Расположение в домах и деревьях - страница 40
– Соня, где это?
А это? Это правда? – жирная угольная сажа и мокрые, крепко выжатые облака, или Китай) – бесполезная и скучная стекляшка, а было: часами на прямом огне мартовском высиживали, направляя волшебный лучик радужный, связанный из пылинок, частей их, – тепла, на детское сукно зимнего пальто (и вкус кашля, как раскрошенный шоколад среди пряностей в буфете…), предчувствуя с тайной усмешливой жестокостью быстрый вороватый стебелёк синего дыма, который вырывался в воздух безветренный, оставивший, наверное, навсегда в моей душе – можно сказать в сознании, но опять-таки: какое сознание тогда? лишь предощущение его – фарфоровый оттиск, рядом вот этих бесчисленных стебельков дыма, вырывавшихся из суконных недр, где погребены до холодов, сродни личинкам бабочек, жуков, крохотные тела кашля и отвращения.

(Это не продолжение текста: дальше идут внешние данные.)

Lemma forward_spec n m X r : dfs_state m X -> exec n FORWARD X r ->
  (r = RFail /\ forward_stopped m X) \/ (exists m' Y, r = ROk Y /\ m' < m /\ dfs_state m' Y).
Proof.
move=> [st [vm [em [-> [inv <-]]]]].
case/exec_Seq_inv => [[Y [next choose]] |
  [[-> next] | [[Y [_ /exec_Call_noBrk []]] | [_ /exec_Call_noDiv []]]]].
- have [v [e [tv [j [unm_e def_Y]]]]] := next_edge_step inv (exec_Call1_ok next); subst Y.
  have := weight_upd em e; rewrite unm_e => weight_e.
  case/exec_Call2_inv: choose =>
    [[Z [-> [/(move_step inv j) | /(ignore_step inv j)]]] | [-> disabled]].
  + move=> [grey_v ->]; right; exists (weight (upd em e EDashed)); eexists.
    split; first reflexivity.
    split; first by have := weight_e EDashed; rewrite /=; lia.
    exists (rcons st (v, e)), (upd vm v NBlue), (upd em e EDashed).
    by rewrite top_rcons; split=> //; split=> //; apply: dfs_inv_push.
  + move=> [blue_v ->]; right; exists (weight (upd em e EBlue)); eexists.
    split; first reflexivity.
    split; first by have := weight_e EBlue; rewrite /=; lia.
    by exists st, vm, (upd em e EBlue); split=> //; split=> //; apply: dfs_inv_ignore j _ _.
  + have [Z [mv | ig]] := move_or_ignore_enabled inv tv j.
    * by case: (disabled Z) => /(_ mv).
    * by case: (disabled Z) => _ /(_ ig).
- left; split=> //; exists st, vm, em; do 3!split=> //.
  move=> e out unm_e; have [Y app] := next_edge_enabled inv out unm_e.
  exact: exec_Call1_fail next app.
Qed.

Lemma forward_loop_spec n m X r : m < n -> dfs_state m X -> exec n (Loop FORWARD) X r ->
  exists m' Y, r = ROk Y /\ m' <= m /\ forward_stopped m' Y.
Proof.
apply: exec_Loop_variant => {}n {}m {}X {}r _ IX /(forward_spec IX).
by case=> [? | ?]; [left | right; right].
Qed.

– Что вы здесь делаете? И кто вы такие?
– Мы ожидаем появленье саламандры или что-то ещё, подобное неуследимой птице дыма, взмывающей из желтоватых точек, оказывавшихся при более тщательном рассмотрении кольцами, мельчайшими кратерами, извергнувшими невидимые окончания пламени и, конечно, не из одного дыма, не только из следов огня стена, но также из безветрия, найденного потом невзначай, походя и находимого ежечасно и случайно под ногами ночью во всё тех же высохших черешках, стёклышке, пуговице, в яблоке, подгнивающем где-то в укромном углу, в соломинках по-нищенски сырых, утративших свою хрустальную медовую жёсткость – это, как в ливень покровы небесной безыскусной воды разъярённо пеленают тугими потоками и волосы, как водоросли, беспокойны в течении – струятся долу с водой вместе, не задерживаясь ни на миг, но, между тем, ты как бы навсегда в них, по крайней мере, покуда льёт и грохочет в глыбистом, изломанном изумрудными сполохами молний вверху, покуда не укрылся, поднимаясь на холм, много их окрест, одинаковы они, но поднимись, взойди – такое укрытие выбери себе: холм, на вершине которого можешь начать беседу с ветрами.
И как потом высыхают капли на плечах и спине, и руках, и лице, в глазницах рябь брезжит озноба – так одна за другой появляются звёзды, с упрямством истовым путника возникая, которому спешить некуда, – хрупкий инструмент неведомого геометра отныне он, разум чей легко и беспечально, в самом начале, растворился в несметных колебаниях, и вот теперь оно: и тело, и земля под стопой, и воздух – маятник, коса жалящая, мера чего-то…
И вскоре небо оживает. Расширяется перл зрачка темнолобый. Движется и оживает чудесный гиматий, скрывающий за миллионооким и безмятежным подчас горением, а иногда за бесноватым свечением, вихревым, тревожным, подлинно огненную тьму лица Того, кто в оцепенении, должно быть, взирает на самую непонятную пустоту – нас, окружённую стенами одежд, деяний, слов, чаяний, проклятий, – нас, восхищенных навсегда прелестью земной, и кому, выпрямив устало оплывшую спину, сжигая поленья шёпота еженощно, молится гордо бабушка. За нас разве? Может быть, может быть… За себя? Вряд ли.
Что она теперь самой себе! Не ветвь цветущая, не вода бегущая, не песок текучий, горючий, изглоданный временем.
«0-ох-х! – смеётся она тихо, тугие, прихотливо изувеченные ладони прикладывая одну к другой. – Охо-о… Немного моего веку осталось. К Аврааму на пиво скоро».
Повторяет часто, чаще натыкаемся повсюду на негромкий смех, как будто оставляет его во всех углах, а сама отдельно, в сорочке новой, с косой, чисто заплетённой, босиком – отдельно, и повсюду лиловые безлиственные кусты похрипывают: «На пиво… к Аврааму… скоро». Когда?!